Does it mean that if I set that “set replica_any true” in aql, will I get answers from either master or replica? Is there a way to return the NodeId of where the replica lives? as I understand the NodeId in this answer only relates to the Master object, reason why it does not change no matter how many iterations of the same statement we send in aql


#4

Hi Wilson,

Yes, correct. If you invoke “set replica_any true”, your read will sometimes be executed against the master and sometimes against the replica. The node id that is printed is the one on which the read occurred, not necessarily the Master object.

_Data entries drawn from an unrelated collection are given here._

(* Let $\Gamma$ be a finite set of assumptions of the form $\{b_1q_1\overline{b_1'}=0,\dots,b_mq_m\overline{b_m'}=0\}\cup\{c_1\le c_1',\dots,c_n\le c_n'\}$ with $q_i\in\Sigma$ and all $b_i,b_i',c_j,c_j'$ Boolean expressions. Then for every KAT expression $e$, every atom $\alpha\in\mathsf{At}$ and every $p\in\Sigma$, $$\mathsf{D}_{\alpha p}(\mathsf{GS}^\Gamma(e))=\mathsf{GS}^\Gamma(\Delta^\Gamma_{\alpha p}(e)).$$
   Context: Let $\Sigma$ be a finite nonempty set of action symbols and $T=\{t_1,\dots,t_l\}$ a finite nonempty set of test symbols. Boolean expressions: $b::=0\mid 1\mid t\mid \overline{b}\mid b_1+b_2\mid b_1 b_2$; KAT expressions (syntactic terms): $e::=p\in\Sigma\mid b\mid e_1+e_2\mid e_1e_2\mid e^*$. $\mathsf{At}$ is the set of atoms (words $b_1\cdots b_l$ with $b_i\in\{t_i,\overline{t_i}\}$), identified with truth assignments to $T$; $\alpha\le b$ means $b$ is true under $\alpha$. Guarded strings: $\mathsf{GS}=(\mathsf{At}\cdot\Sigma)^*\cdot\mathsf{At}$; for $R\subseteq\mathsf{GS}$, $\mathsf{D}_{\alpha p}(R)=\{y\in\mathsf{GS}\mid\alpha py\in R\}$. The fusion product $xy$ is defined only when the last atom of $x$ equals the first atom of $y$, and is the concatenation with one copy of that atom omitted; $X\diamond Y=\{xy\mid x\in X,y\in Y,xy\text{ defined}\}$, $X^{n+1}=X\diamond X^n$. $\mathsf{At}^\Gamma=\{\alpha\in\mathsf{At}\mid \alpha\le c\Rightarrow\alpha\le c'\text{ for all }(c\le c')\in\Gamma\}$. Guarded strings modulo $\Gamma$: $\mathsf{GS}^\Gamma(p)=\{\alpha p\beta\mid\alpha,\beta\in\mathsf{At}^\Gamma\text{ and for every assumption }bp\overline{b'}=0\text{ in }\Gamma\text{ (with this same }p),\ \alpha\le b\Rightarrow\beta\le b'\}$; $\mathsf{GS}^\Gamma(b)=\{\alpha\in\mathsf{At}^\Gamma\mid\alpha\le b\}$; $\mathsf{GS}^\Gamma(e_1+e_2)=\mathsf{GS}^\Gamma(e_1)\cup\mathsf{GS}^\Gamma(e_2)$; $\mathsf{GS}^\Gamma(e_1e_2)=\mathsf{GS}^\Gamma(e_1)\diamond\mathsf{GS}^\Gamma(e_2)$; $\mathsf{GS}^\Gamma(e^* )=\bigcup_{n\ge0}\mathsf{GS}^\Gamma(e)^n$ with $X^0=\mathsf{At}^\Gamma$; for a set $E$, $\mathsf{GS}^\Gamma(E)=\bigcup_{e\in E}\mathsf{GS}^\Gamma(e)$. $\mathsf{E}_\alpha(p)=0$; $\mathsf{E}_\alpha(b)=1$ iff $\alpha\le b$; $\mathsf{E}_\alpha(e_1+e_2)=\max(\mathsf{E}_\alpha(e_1),\mathsf{E}_\alpha(e_2))$; $\mathsf{E}_\alpha(e_1e_2)=\mathsf{E}_\alpha(e_1)\mathsf{E}_\alpha(e_2)$; $\mathsf{E}_\alpha(e^* )=1$. For a set $S$ of expressions: $S\cdot e=\{e'e\mid e'\in S\}$ if $e$ is neither the constant $0$ nor $1$, $S\cdot0=\emptyset$, $S\cdot1=S$. Partial derivatives modulo $\Gamma$: if $\alpha\notin\mathsf{At}^\Gamma$ then $\Delta^\Gamma_{\alpha p}(e)=\emptyset$ for all $e$. If $\alpha\in\mathsf{At}^\Gamma$: $\Delta^\Gamma_{\alpha p}(p')=\{\prod\{b'\mid (bp\overline{b'}=0)\in\Gamma,\ \alpha\le b\}\}$ (a singleton containing the conjunction of those $b'$, which is the constant $1$ if there are none) if $p'=p$, and $\emptyset$ if $p'\ne p$; $\Delta^\Gamma_{\alpha p}(b)=\emptyset$; $\Delta^\Gamma_{\alpha p}(e_1+e_2)=\Delta^\Gamma_{\alpha p}(e_1)\cup\Delta^\Gamma_{\alpha p}(e_2)$; $\Delta^\Gamma_{\alpha p}(e_1e_2)=\Delta^\Gamma_{\alpha p}(e_1)\cdot e_2$ if $\mathsf{E}_\alpha(e_1)=0$, and $\Delta^\Gamma_{\alpha p}(e_1)\cdot e_2\cup\Delta^\Gamma_{\alpha p}(e_2)$ if $\mathsf{E}_\alpha(e_1)=1$; $\Delta^\Gamma_{\alpha p}(e^* )=\Delta^\Gamma_{\alpha p}(e)\cdot e^*$. *)

From Stdlib Require List.
From mathcomp Require Import all_boot.
Set Implicit Arguments.
Unset Strict Implicit.
Unset Printing Implicit Defensive.

Section KAT.
Variables (Sigma Tst : finType).

Inductive bexp : Type :=
| BZero | BOne | BTest of Tst | BNeg of bexp
| BPlus of bexp & bexp | BAnd of bexp & bexp.

Inductive kexp : Type :=
| KAct of Sigma | KTest of bexp
| KPlus of kexp & kexp | KSeq of kexp & kexp | KStar of kexp.

Definition atom := {ffun Tst -> bool}.

(* alpha <= b : b is true under alpha *)
Fixpoint beval (a : atom) (b : bexp) : bool :=
  match b with
  | BZero => false | BOne => true | BTest t => a t
  | BNeg b => ~~ beval a b
  | BPlus b1 b2 => beval a b1 || beval a b2
  | BAnd b1 b2 => beval a b1 && beval a b2
  end.

(* Guarded string alpha0 p1 alpha1 ... pn alphan, represented as
   (alpha0, [:: (p1, alpha1); ...; (pn, alphan)]). *)
Definition gstring := (atom * seq (Sigma * atom))%type.
Definition gset := gstring -> Prop.

Definition last_atom (x : gstring) : atom := last x.1 (map snd x.2).

Definition Dgs (a : atom) (p : Sigma) (R : gset) : gset :=
  fun y => R (a, (p, y.1) :: y.2).

Definition fus (X Y : gset) : gset :=
  fun z => exists x y, X x /\ Y y /\ last_atom x = y.1 /\ z = (x.1, x.2 ++ y.2).

Record hyps := Hyps {
  heqs : seq (bexp * Sigma * bexp);   (* (b, q, b') stands for b q ~b' = 0 *)
  hles : seq (bexp * bexp)            (* (c, c') stands for c <= c' *)
}.

Variable G : hyps.

Definition atG (a : atom) : bool :=
  all (fun cc => beval a cc.1 ==> beval a cc.2) (hles G).

Definition atGs : gset := fun x => atG x.1 /\ x.2 = [::].

Fixpoint gpow (X : gset) (n : nat) : gset :=
  match n with 0 => atGs | n.+1 => fus X (gpow X n) end.

Fixpoint GSG (e : kexp) : gset :=
  match e with
  | KAct p => fun x =>
      exists a b, x = (a, [:: (p, b)]) /\ atG a /\ atG b /\
        (forall bb, List.In bb (heqs G) -> bb.1.2 = p -> beval a bb.1.1 -> beval b bb.2)
  | KTest b => fun x => atG x.1 /\ beval x.1 b /\ x.2 = [::]
  | KPlus e1 e2 => fun x => GSG e1 x \/ GSG e2 x
  | KSeq e1 e2 => fus (GSG e1) (GSG e2)
  | KStar e => fun x => exists n, gpow (GSG e) n x
  end.

Definition GSGset (E : seq kexp) : gset := fun x => exists2 e, List.In e E & GSG e x.

Fixpoint Eps (a : atom) (e : kexp) : bool :=
  match e with
  | KAct _ => false
  | KTest b => beval a b
  | KPlus e1 e2 => Eps a e1 || Eps a e2
  | KSeq e1 e2 => Eps a e1 && Eps a e2
  | KStar _ => true
  end.

Definition dotk (S : seq kexp) (e : kexp) : seq kexp :=
  match e with
  | KTest BZero => [::]
  | KTest BOne => S
  | _ => map (fun e' => KSeq e' e) S
  end.

Fixpoint bprod (l : seq bexp) : bexp :=
  match l with
  | [::] => BOne
  | [:: b] => b
  | b :: l' => BAnd b (bprod l')
  end.

Fixpoint DeltaG' (a : atom) (p : Sigma) (e : kexp) : seq kexp :=
  match e with
  | KAct p' =>
      if p' == p then
        [:: KTest (bprod [seq bb.2 | bb <- heqs G & (bb.1.2 == p) && beval a bb.1.1])]
      else [::]
  | KTest _ => [::]
  | KPlus e1 e2 => DeltaG' a p e1 ++ DeltaG' a p e2
  | KSeq e1 e2 =>
      if Eps a e1 then dotk (DeltaG' a p e1) e2 ++ DeltaG' a p e2
      else dotk (DeltaG' a p e1) e2
  | KStar e1 => dotk (DeltaG' a p e1) (KStar e1)
  end.

Definition DeltaG (a : atom) (p : Sigma) (e : kexp) : seq kexp :=
  if atG a then DeltaG' a p e else [::].

End KAT.

(* The proof rests on a few general facts about
   guarded-string languages:
   - every string of GS^Gamma(e) starts and ends with an atom of At^Gamma;
   - the one-atom string alpha lies in GS^Gamma(e) iff alpha is in At^Gamma
     and E_alpha(e) = 1 (nullability);
   - the derivative of a fusion product obeys the Brzozowski rule
       D_{alpha p}(X <> Y) = (alpha in X ? D_{alpha p}(Y) : 0) + D_{alpha p}(X) <> Y,
     and hence D_{alpha p}(X^* ) = D_{alpha p}(X) <> X^*;
   - GS^Gamma commutes with the set operations used by Delta (union, and the
     product S . e, including its simplifications for the constants 0 and 1);
   - the conjunction computed for an action symbol holds exactly when the
     target atom satisfies every assumption b p ~b' = 0 triggered by alpha.
   For alpha outside At^Gamma both sides are empty. *)
From Stdlib Require Import Setoid.
From mathcomp Require Import all_boot.

Set Implicit Arguments.
Unset Strict Implicit.
Unset Printing Implicit Defensive.

Section PartialDerivatives.
Variables (Sigma Tst : finType) (G : hyps Sigma Tst).
Implicit Types (e : kexp Sigma Tst) (a : atom Tst) (p q : Sigma).
Implicit Types (x y z : gstring Sigma Tst) (X Y : gset Sigma Tst).

Definition gstar X : gset Sigma Tst := fun x => exists n, gpow G X n x.

Lemma last_atom_fus x z :
  last_atom x = z.1 -> last_atom (x.1, x.2 ++ z.2) = last_atom z.
Proof. by rewrite /last_atom /= map_cat last_cat => ->. Qed.

Lemma GSG_first_atG e x : GSG G e x -> atG G x.1.
Proof.
elim: e x => [q|b|e1 IH1 e2 IH2|e1 IH1 e2 IH2|e1 IH1] x /=.
- by move=> [a' [b [-> [Ha _]]]].
- by case.
- by case; [apply: IH1|apply: IH2].
- by move=> [x1 [z [H1 [_ [_ ->]]]]]; exact: IH1 H1.
- move=> [[|n]] /=; first by case.
  by move=> [x1 [z [H1 [_ [_ ->]]]]]; exact: IH1 H1.
Qed.

Lemma gpow_last_atG X n x :
  (forall x, X x -> atG G (last_atom x)) -> gpow G X n x -> atG G (last_atom x).
Proof.
move=> HX; elim: n x => [|n IH] [x1 x2] /=; first by case=> H /= ->.
by move=> [x' [z [_ [Hz [Hl ->]]]]]; rewrite last_atom_fus //; exact: IH.
Qed.

Lemma GSG_last_atG e x : GSG G e x -> atG G (last_atom x).
Proof.
elim: e x => [q|b|e1 IH1 e2 IH2|e1 IH1 e2 IH2|e1 IH1] [x1 x2] /=.
- by move=> [a' [b [[_ ->] [_ [Hb _]]]]].
- by case=> H [_ ->].
- by case; [apply: IH1|apply: IH2].
- by move=> [x [z [_ [Hz [Hl ->]]]]]; rewrite last_atom_fus //; exact: IH2.
- by move=> [n]; exact: gpow_last_atG IH1.
Qed.

Lemma GSG_nil e a : GSG G e (a, [::]) <-> atG G a /\ Eps a e.
Proof.
elim: e a => [q|b|e1 IH1 e2 IH2|e1 IH1 e2 IH2|e1 IH1] a /=.
- by split=> [[a' [b [[]]]]|[]].
- by split=> [[Ha [Hb _]]|[Ha Hb]].
- rewrite IH1 IH2; split=> [[[Ha H]|[Ha H]]|[Ha /orP [H|H]]].
  + by rewrite H.
  + by rewrite H orbT.
  + by left.
  + by right.
- split=> [|[Ha /andP [H1 H2]]]; last first.
    by exists (a, [::]), (a, [::]); rewrite IH1 IH2.
  move=> [[x1 [|? ?]] [[z1 [|? ?]] [H1 [H2 [/= Hl [Ex]]]]]] //.
  rewrite /last_atom /= in Hl; subst x1 z1.
  by move: H1 H2 => /IH1 [Ha H1] /IH2 [_ H2]; rewrite H1 H2.
- by split=> [H|[Ha _]]; [split; first exact: (@GSG_first_atG (KStar e1) (a, [::]) H) | exists 0].
Qed.

Lemma Dgs_fus X Y a p y :
  Dgs a p (fus X Y) y <-> (X (a, [::]) /\ Dgs a p Y y) \/ fus (Dgs a p X) Y y.
Proof.
case: y => y1 y2; rewrite /Dgs /=; split.
- move=> [[x1 [|[q c] x2]] [[z1 z2] [Hx [Hz [Hl E]]]]]; case: E.
  + by move=> -> ->; rewrite /last_atom /= in Hl; subst z1; left.
  + by move=> -> -> -> ->; right; exists (c, x2), (z1, z2).
- case=> [[Hx Hy]|[[x1 x2] [z [Hx [Hz [Hl [-> ->]]]]]]].
  + by exists (a, [::]), (a, (p, y1) :: y2).
  + by exists (a, (p, x1) :: x2), z.
Qed.

Lemma fus_ext X X' Y z :
  (forall x, X x <-> X' x) -> fus X Y z <-> fus X' Y z.
Proof. by move=> H; split=> [[x [w [/H Hx Hw]]]|[x [w [/H Hx Hw]]]]; exists x, w. Qed.

Lemma Dgs_gstar X a p y : Dgs a p (gstar X) y <-> fus (Dgs a p X) (gstar X) y.
Proof.
split=> [[n]|[x [z [Hx [[n Hz] Hr]]]]]; last first.
  by exists n.+1; apply/Dgs_fus; right; exists x, z.
elim: n => [|n IH] /=; first by case.
move/Dgs_fus=> [[_ H]|[x [z [Hx [Hz Hr]]]]]; first exact: IH.
by exists x, z; split=> //; split=> //; exists n.
Qed.

Lemma GSGset_cat (S1 S2 : seq (kexp Sigma Tst)) y :
  GSGset G (S1 ++ S2) y <-> GSGset G S1 y \/ GSGset G S2 y.
Proof.
split=> [[e' /List.in_app_iff [H|H] He']|[[e' H He']|[e' H He']]];
  by [left; exists e'|right; exists e'|exists e' => //; apply/List.in_app_iff; auto].
Qed.

Lemma GSGset_mapseq (S : seq (kexp Sigma Tst)) e y :
  GSGset G (map (fun e' => KSeq e' e) S) y <-> fus (GSGset G S) (GSG G e) y.
Proof.
split=> [[_ /List.in_map_iff [e' [<- He']] [x [z [Hx Hz]]]]|[x [z [[e' He' Hx] Hz]]]].
- by exists x, z; split=> //; exists e'.
- by exists (KSeq e' e); [exact: (List.in_map (fun e' => KSeq e' e))|exists x, z].
Qed.

(* The same holds for S . e, whose simplifications for e = 0 and e = 1 are
   sound because GS^Gamma(0) is empty and GS^Gamma(1) = At^Gamma is a unit. *)
Lemma GSGset_dotk (S : seq (kexp Sigma Tst)) e y :
  GSGset G (dotk S e) y <-> fus (GSGset G S) (GSG G e) y.
Proof.
case: e => [q|[||t|b|b1 b2|b1 b2]|e1 e2|e1 e2|e1]; try exact: GSGset_mapseq.
- by split=> [[]|[x [z [_ [[_ []]]]]]].
- split=> [Hy|[[x1 x2] [z [Hx [[_ [_ Hz2]] [Hl ->]]]]]]; last by rewrite /= Hz2 cats0.
  exists y, (last_atom y, [::]); split=> //; split.
    by split=> //; case: Hy => e' _ /GSG_last_atG.
  by case: y {Hy} => y1 y2; rewrite /= cats0.
Qed.

Lemma beval_bprod c (l : seq (bexp Tst)) : beval c (bprod l) = all (beval c) l.
Proof.
elim: l => [|b l IH] //.
case: l IH => [|b' l] IH; first by rewrite /= andbT.
by rewrite [bprod _]/= [beval _ _]/= IH.
Qed.

(* The atom c satisfies the conjunction of the b' over the assumptions
   b q ~b' = 0 with q = p and alpha <= b exactly when c satisfies every
   such triggered assumption: this is the side condition of GS^Gamma(p). *)
Lemma all_triggered c a p (l : seq (bexp Tst * Sigma * bexp Tst)) :
  all (beval c) [seq bb.2 | bb <- l & (bb.1.2 == p) && beval a bb.1.1] <->
  (forall bb, List.In bb l -> bb.1.2 = p -> beval a bb.1.1 -> beval c bb.2).
Proof.
elim: l => [|bb l IH] /=; first by split.
case: ifP => [/andP [/eqP Hp Ha]|Hn] /=; split.
- by move=> /andP [Hc /IH H] bb' [<-|/H].
- move=> H; apply/andP; split; first exact: H (or_introl _) Hp Ha.
  by apply/IH => bb' Hin; apply: H; right.
- move=> /IH H bb' [<- Hp Ha|/H] //.
  by move: Hn; rewrite Hp eqxx Ha.
- by move=> H; apply/IH => bb' Hin; apply: H; right.
Qed.

Lemma Dgs_act q a p y : atG G a ->
  Dgs a p (GSG G (KAct Tst q)) y <-> GSGset G (DeltaG' G a p (KAct Tst q)) y.
Proof.
move=> Ha; case: y => y1 y2; rewrite /Dgs /=.
case: eqP => [->|Hne]; split.
- move=> [_ [_ [[<- <- ->] [_ [Hb H]]]]].
  eexists; first by left.
  by split=> //; split=> //; rewrite beval_bprod; apply/all_triggered.
- move=> [_ [<-|[]] [Hy1 [Hb /= ->]]].
  exists a, y1; split=> //; split=> //; split=> //.
  by apply/all_triggered; rewrite -beval_bprod.
- by move=> [_ [_ [[_ Epq _ _] _]]]; case: (Hne (esym Epq)).
- by case.
Qed.

Lemma Dgs_DeltaG' e a p : atG G a ->
  forall y, Dgs a p (GSG G e) y <-> GSGset G (DeltaG' G a p e) y.
Proof.
move=> Ha; elim: e => [q|b|e1 IH1 e2 IH2|e1 IH1 e2 IH2|e1 IH1] y.
- exact: Dgs_act.
- by split=> [[_ []]|[]].
- by rewrite GSGset_cat -IH1 -IH2.
- rewrite [GSG G _]/= Dgs_fus GSG_nil /=.
  case: (Eps a e1).
  + rewrite GSGset_cat GSGset_dotk -(fus_ext _ _ IH1) -IH2.
    by split=> [[[_ H]|H]|[H|H]]; by [left|right].
  + rewrite GSGset_dotk -(fus_ext _ _ IH1).
    by split=> [[[[_ //] _]|//]|H]; right.
- by rewrite [GSG G _]/= -/(gstar _) Dgs_gstar GSGset_mapseq -(fus_ext _ _ IH1).
Qed.

End PartialDerivatives.

Theorem proposition7 (Sigma Tst : finType) (HS : 0 < #|Sigma|) (HT : 0 < #|Tst|)
  (G : hyps Sigma Tst) (e : kexp Sigma Tst) (a : atom Tst) (p : Sigma) :
  forall y : gstring Sigma Tst,
    Dgs a p (GSG G e) y <-> GSGset G (DeltaG G a p e) y.
Proof.
move=> y; rewrite /DeltaG; case Ha: (atG G a); first exact: Dgs_DeltaG'.
(* alpha is not in At^Gamma: no string of GS^Gamma(e) starts with alpha *)
split=> [/GSG_first_atG|[]] //=.
by rewrite Ha.
Qed.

Try placing multiple explains in a file such as test.aql as well as the “set replica_any true” and running this file with aql -f test.aql. It may be necessary to run this file multiple times in different processes.

Hope this helps,

Tim


#5

Thanks Tim. I will try this. In any case, is there a script or function we can use to determine where the replica of a given master object lives? just for troubleshooting purposes. In our evaluation of A^ we want to exercise different scenarios that for sure will trigger migrations and we want to track some sample data and see how master and replicas move around. Do you have a sample code or function that could determine where both pieces are based on a pk? Something simple like “aql select” only on the node where it is executed would suffice, this way we can query each node of the cluster until getting both success answers.


#6

Hi Wilson,

There isn’t anything built into Aerospike to do this, but given the client knows where the data lives, and the client is open source, it’s pretty easy to put something together. I’ve put a Java function down below which will print out node information and partition information. (Note that this is NOT production ready code!) You can get the partition id from the AQL explain command discussed above

This code runs fine on 3.6.2, but I’m not sure how it will run on older versions. I’ve got a hard-coded limit of 2 replicas in there but you can change this to your site’s actual replication factor. Sample output is:

*** Nodes ***
	Node BB9E7F1FD270008
		Address: /172.28.128.4:4000
		Host: 172.28.128.4:4000
	Node BB9633441270008
		Address: /172.28.128.5:4000
		Host: 172.28.128.5:4000
	Node BB92E78C6270008
		Address: /172.28.128.3:4000
		Host: 172.28.128.3:4000

*** Partitions ***
	0: BB9633441270008 BB9E7F1FD270008 
	1: BB9633441270008 BB92E78C6270008 
	2: BB9633441270008 BB9E7F1FD270008 
	3: BB92E78C6270008 BB9E7F1FD270008 
	4: BB92E78C6270008 BB9633441270008 
	5: BB9E7F1FD270008 BB92E78C6270008 
	6: BB9633441270008 BB92E78C6270008 
        ...

Hope this helps,

Tim

private void dumpClusterInfo() {
	try {
		// Assume a replication count of 2 for the sake of this exercise
		int REPLICATION_COUNT = 2;
		String[][] fullMap = new String[4096][REPLICATION_COUNT];
		
		System.out.println("*** Nodes ***");
		for (Node node : client.getNodes()) {
			System.out.println("\tNode " + node.getName());
			System.out.println("\t\tAddress: " + node.getAddress());
			System.out.println("\t\tHost: " + node.getHost());

			com.aerospike.client.cluster.Connection conn = node.getConnection(120);
			boolean requestProleReplicas = true;
			HashMap<String, AtomicReferenceArray<Node>[]> map = new HashMap<String,AtomicReferenceArray<Node>[]>();
			
			PartitionParser parser = new PartitionParser(conn, node, map, Node.PARTITIONS, requestProleReplicas);	
			HashMap<String,AtomicReferenceArray<Node>[]> partitionMap = parser.getPartitionMap();
			
			for (AtomicReferenceArray<Node>[] value : partitionMap.values()) {
				int j = 0;
				for (AtomicReferenceArray<Node> ref : value) {
					for (int i = 0; i < ref.length(); i++) {
						Node thisNode = ref.get(i);
						if (thisNode != null) {
							fullMap[i][j] = thisNode.getName();
						}
					}
					j++;
				}
			}
		}
		System.out.println("\n*** Partitions ***");
		for (int i = 0; i< 4096;i++) {
			String partNodes = "\t" + i + ": ";
			for (int j = 0; j < REPLICATION_COUNT; j++) {
				if (fullMap[i][j] == null) {
					partNodes += "? ";
				}
				else {
					partNodes += fullMap[i][j] + " ";
				}
			}
			System.out.println(partNodes);
		}

	} catch (Exception e) {
		// TODO Auto-generated catch block
		e.printStackTrace();
	}

}

#7

Thanks a lot Tim. I will give it a try.